Sustainable Services for Sustainabilty Entrepreneurs

As someone hoping to assist clean green innovators see their sustainable ideas germinate and flower in our local communities, I was curious to understand the challenges these entrepreneurs face in securing access to legal or professional services.  Having recently been asked by the International Bar Association to present my experience with social media at their annual conference, I thought it made sense to try and find some answers to this question by starting a LinkedIn discussion group.

To my wondrous surprise, a few other people have given some thought to this issue as well. I don't know if we came to the most authoritative of conclusions, but I think some important points were raised and discussed. One contributor even kindly created a direct link here to the full discussion for other members of LinkedIn. However, if you just want the highlights, here is what I learned:
  • Fee Structure:  A fixed price for advice or at least a base price for templates would help start-ups with cost certainty and management of their cash flow (subject to complexity of the task at hand).  Entrepreneurs also suggested they would (i) be willing to do some legwork themselves in order to reduce legal fees; or (ii) like to see service professionals work on a delayed gratification/sweat equity model.  A more innovative approach is to request bids from lawyers on Elance, thus taking advantage of the large cohort of legal professionals that may still be under-capacity in the current economy.

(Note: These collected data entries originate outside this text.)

Definition multilinear (f : kForm) : Prop :=
  forall (s1 s2 : seq Vsp) (c : R) (x y : Vsp),
    f (s1 ++ (c *: x + y) :: s2) = c * f (s1 ++ x :: s2) + f (s1 ++ y :: s2).

Definition alternating (f : kForm) : Prop :=
  forall (s1 s2 s3 : seq Vsp) (x : Vsp), f (s1 ++ x :: s2 ++ x :: s3) = 0.

Definition is_kform (k : nat) (f : kForm) : Prop :=
  [/\ forall s, size s <> k -> f s = 0, multilinear f & alternating f].

Definition contract (X : Vsp) (f : kForm) : kForm := fun s => f (X :: s).

Definition pairing (p q : Vsp * kForm) : kForm :=
  formD (contract p.1 q.2) (contract q.1 p.2).

Definition subspace (k : nat) (L : Vsp * kForm -> Prop) : Prop :=
  [/\ L (0, form0),
      forall p q, L p -> L q -> L (p.1 + q.1, formD p.2 q.2),
      forall c p, L p -> L (c *: p.1, formZ c p.2)
    & forall p, L p -> is_kform k p.2].

Definition orth (k : nat) (L : Vsp * kForm -> Prop) : Vsp * kForm -> Prop :=
  fun p => is_kform k p.2 /\ forall q, L q -> pairing p q = form0.

Definition isotropic k L := forall p, L p -> orth k L p.
Definition lagrangian k L := forall p, L p <-> orth k L p.

Definition pr1 (L : Vsp * kForm -> Prop) : Vsp -> Prop := fun X => exists a, L (X, a).
Definition pr2 (L : Vsp * kForm -> Prop) : kForm -> Prop := fun a => exists X, L (X, a).

Definition ann (S : kForm -> Prop) : Vsp -> Prop :=
  fun X => forall eta, S eta -> contract X eta = form0.

Definition weakly_lagrangian k L :=
  isotropic k L /\ (forall X, L (X, form0) <-> ann (pr2 L) X).

Definition linear_on (E : Vsp -> Prop) (eps : Vsp -> kForm) : Prop :=
  forall c X Y, E X -> E Y -> eps (c *: X + Y) = formD (formZ c (eps X)) (eps Y).

Definition E_skew (E : Vsp -> Prop) (eps : Vsp -> kForm) : Prop :=
  forall X Y, E X -> E Y -> contract Y (eps X) = formZ (-1) (contract X (eps Y)).

End Defs.

(* Since [L] meets [/\^k V^*] trivially, it is the graph of a map [eps] over
   [E = pr1 L]: linearity of [eps] comes from [L] being a subspace, E-skewness
   is the isotropy of [L], and [L ∩ V = pr2(L)°] reads [Im(eps)° = ker eps].
   If [E = V] and [X + eta] is orthogonal to [L], comparing with isotropy gives
   [i_Y eta = i_Y eps(X)] for every [Y], so [X + eta] lies in [L].
   Conversely, given any [X], pick a projection [P] of [V] onto [E] and extend
   the family [Y |-> - i_X eps(Y)] on [E] to one k-form [eta] on [V] with
   [i_Y eta = - i_X eps(Y)]; then [X + eta] is orthogonal to [L], so when [L]
   is lagrangian it lies in [L] and [X] is in [E]. *)

From Pilot Require Import Defs.
From mathcomp Require Import all_boot all_algebra.
From mathcomp Require Import reals.
From mathcomp Require Import ring lra zify.
From Stdlib Require Import Classical FunctionalExtensionality.
From Stdlib Require Import PropExtensionality ClassicalEpsilon.
(* [all_algebra] exports the [formD]/[formZ] of sesquilinear forms; re-import
   [Defs] so that these names denote its operations on k-forms. *)
Import Defs.
Set Implicit Arguments. Unset Strict Implicit.
Import GRing.Theory Num.Theory.
Local Open Scope ring_scope.

Section Forms.
Variables (R : realType) (n : nat).
Implicit Types (f : kForm R n) (s : seq (Vsp R n)).

Lemma multilinearD f s1 s2 x y : multilinear f ->
  f (s1 ++ (x + y) :: s2) = f (s1 ++ x :: s2) + f (s1 ++ y :: s2).
Proof. by move=> ml; have := ml s1 s2 1 x y; rewrite scale1r mul1r. Qed.

Lemma multilinear0 f s1 s2 : multilinear f -> f (s1 ++ 0 :: s2) = 0.
Proof.
move=> ml; have := multilinearD s1 s2 0 0 ml; rewrite addr0 => /eqP.
by rewrite -subr_eq0 opprD addrA subrr add0r oppr_eq0 => /eqP.
Qed.

Lemma multilinear_swap f s1 s2 s3 a b : multilinear f ->
  (forall x, f (s1 ++ x :: s2 ++ x :: s3) = 0) ->
  f (s1 ++ a :: s2 ++ b :: s3) = - f (s1 ++ b :: s2 ++ a :: s3).
Proof.
move=> ml alt; have := alt (a + b); rewrite multilinearD //.
have catA' y z : f (s1 ++ y :: s2 ++ z :: s3) = f ((s1 ++ y :: s2) ++ z :: s3).
  by rewrite -catA.
rewrite !catA' !multilinearD // -!catA' !alt add0r addr0 => /eqP.
by rewrite addr_eq0 => /eqP.
Qed.

Lemma alternating_swap f s1 s2 s3 a b : multilinear f -> alternating f ->
  f (s1 ++ a :: s2 ++ b :: s3) = - f (s1 ++ b :: s2 ++ a :: s3).
Proof. by move=> ml alt; apply: multilinear_swap => //; apply: alt. Qed.

Lemma pairing_eq0 (p q : Vsp R n * kForm R n) :
  pairing p q = @form0 R n <-> contract q.1 p.2 = formZ (-1) (contract p.1 q.2).
Proof.
split=> e; apply: functional_extensionality => s.
  by have := congr1 (fun f => f s) e; rewrite /pairing /formD /formZ /form0 /=; lra.
by rewrite /pairing /formD e /formZ /form0; lra.
Qed.

Lemma kform_contract_inj k f g : (0 < k)%N -> is_kform k f -> is_kform k g ->
  (forall Y, contract Y f = contract Y g) -> f = g.
Proof.
move=> k_gt0 [f_size _ _] [g_size _ _] eqfg.
apply: functional_extensionality => -[|Y t]; last exact: (congr1 (fun h => h t) (eqfg Y)).
by rewrite f_size ?g_size // => k0; rewrite -k0 in k_gt0.
Qed.
End Forms.

Section Projection.
Variables (R : realType) (n : nat) (E : 'rV[R]_n -> Prop).
Hypotheses (E0 : E 0) (E_lin : forall c x y, E x -> E y -> E (c *: x + y)).

Definition spans_within m (A : 'M[R]_(m, n)) := forall v, (v <= A)%MS -> E v.

Lemma spans_within_rV Y : E Y -> spans_within Y.
Proof. by move=> EY v /sub_rVP [a ->]; rewrite -[a *: Y]addr0; apply: E_lin. Qed.

Lemma spans_within_adds m1 m2 (A : 'M_(m1, n)) (B : 'M_(m2, n)) :
  spans_within A -> spans_within B -> spans_within (A + B)%MS.
Proof.
move=> EA EB v /sub_addsmxP [u ->]; rewrite -[_ *m A]scale1r.
by apply: E_lin; [apply: EA | apply: EB]; rewrite submxMl.
Qed.

Lemma subspace_spanned :
  exists A : 'M_n, spans_within A /\ forall Y, E Y -> (Y <= A)%MS.
Proof.
suff grow d (A : 'M_n) : spans_within A -> (n - \rank A <= d)%N ->
    exists A' : 'M_n, spans_within A' /\ forall Y, E Y -> (Y <= A')%MS.
  by apply: (grow n 0); [move=> v; rewrite submx0 => /eqP -> | rewrite leq_subr].
elim: d A => [|d IH] A EA rkA.
  exists A; split=> // Y _; apply: submx_full.
  by rewrite /row_full eqn_leq rank_leq_col -subn_eq0 -leqn0.
have [|] := classic (forall Y, E Y -> (Y <= A)%MS); first by exists A.
move=> /not_all_ex_not [Y /(imply_to_and (E Y)) [EY /negP notYA]].
apply: (IH (A + Y)%MS); first exact: spans_within_adds (spans_within_rV EY).
have rk_lt : (\rank A < \rank (A + Y))%N.
  by rewrite rank_ltmx // ltmxE addsmxSl addsmx_sub submx_refl.
by move: rkA rk_lt; lia.
Qed.

Lemma subspace_projection :
  exists P : 'M[R]_n, (forall v, E (v *m P)) /\ forall Y, E Y -> Y *m P = Y.
Proof.
have [A [EA EsubA]] := subspace_spanned.
exists (pinvmx A *m A); split=> [v|Y /EsubA YA]; rewrite mulmxA.
  by apply: EA; rewrite submxMl.
by rewrite mulmxKpV.
Qed.
End Projection.

Section Extension.
Variables (R : realType) (n : nat) (E : Vsp R n -> Prop).
Implicit Types (phi psi : Vsp R n -> kForm R n) (s t : seq (Vsp R n)).

Definition skew_family phi :=
  [/\ forall Y, E Y -> multilinear (phi Y), forall Y, E Y -> alternating (phi Y),
      linear_on E phi & E_skew E phi].

Lemma E_skewP phi : E_skew E phi <->
  forall Y Z s, E Y -> E Z -> phi Y (Z :: s) = - phi Z (Y :: s).
Proof.
split=> skew Y Z; last first.
  move=> EY EZ; apply: functional_extensionality => s.
  by rewrite /contract skew // /formZ mulN1r.
move=> s EY EZ; have := congr1 (fun f => f s) (skew Y Z EY EZ).
by rewrite /formZ mulN1r.
Qed.

Lemma skew_family_contract phi u :
  skew_family phi -> skew_family (fun Y => contract u (phi Y)).
Proof.
move=> [ml alt lin /E_skewP skew]; split.
- by move=> Y EY s1; apply: (ml Y EY (u :: s1)).
- by move=> Y EY s1; apply: (alt Y EY (u :: s1)).
- by move=> c Y Z EY EZ; rewrite /contract lin.
apply/E_skewP => Y Z s EY EZ; rewrite /contract.
rewrite (alternating_swap [::] [::] s u Z (ml Y EY) (alt Y EY)) /= skew //.
by rewrite (alternating_swap [::] [::] s Y u (ml Z EZ) (alt Z EZ)) opprK.
Qed.

Lemma skew_family_scale phi c :
  skew_family phi -> skew_family (fun Y => formZ c (phi Y)).
Proof.
move=> [ml alt lin /E_skewP skew]; split.
- by move=> Y EY s1 s2 a x y; rewrite /formZ ml //; ring.
- by move=> Y EY s1 s2 s3 x; rewrite /formZ alt // mulr0.
- move=> a Y Z EY EZ; rewrite lin //.
  by apply: functional_extensionality => s; rewrite /formZ /formD; ring.
by apply/E_skewP => Y Z s EY EZ; rewrite /formZ skew // mulrN.
Qed.

Variable P : 'M[R]_n.
Hypotheses (P_in : forall v, E (v *m P)) (P_id : forall Y, E Y -> Y *m P = Y).

(* The k-form [eta] with [i_Y eta = phi Y] for [Y] in [E] that vanishes on
   [ker P]: splitting [v = v P + w] with [w] in [ker P] gives
   [i_v eta = phi (v P) + i_w eta], and [i_w eta] is, recursively, the
   extension of [Y |-> - i_w (phi Y)]. *)
Fixpoint extension phi s : R :=
  if s is v :: t then
    phi (v *m P) t - extension (fun Y => contract (v - v *m P) (phi Y)) t
  else 0.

  • Lawyer Selection:  Trust is a key aspect of the lawyer-client relationship and referrals help to build that early on in the process.  Seeking those referrals from local funding sources is a good way to stay in their "sweet spot." However, some people are apparently willing to use LinkedIn as pool of potential providers. Perhaps those lawyers benefiting from effective recommendations are in a good position to attract these seekers. And in the case of start-ups looking to places such as Elance, they should do their due diligence by asking for credentials and references. 
  • Services:  Some of the more common legal requirements of start-ups included (i) non-disclosure agreements; (ii) patent or trademark protection; and (iii) employment contracts. 
  • Timing:  Legal advice and tailored agreements are sometimes overlooked in the early phases of a start-up, but having them "in place at the very beginning is paramount" and "day [one] of a start isn't soon enough for legal." At the same time, experienced founders suggest they may be able to wait until the "right time" before seeking legal advice. Perhaps a rule of thumb for the less experienced entrepreneur is to have a lawyer join the team as it is ready to incorporate, especially if there are multiple founders or investors involved. One tool that was suggested was to check this post: http://startuplawyer.com/incorporation/the-when-to-incorporate-decision-matrix    
A spirited debate broke out around the idea of having professional service providers work for equity and whether it's fair to expect them to take on the same level of risk as the entrepreneur who stands to benefit to a greater degree.  One poster summed it up thusly: "As a service provider, if you put too much time into equity deals that don't pan out, you start getting your meals through the local food bank. I look forward to this being the start of a discussion that helps both lawyers and entrepreneurs understand each other's situations, in turn moving us towards a model that is more sustainable for both sides.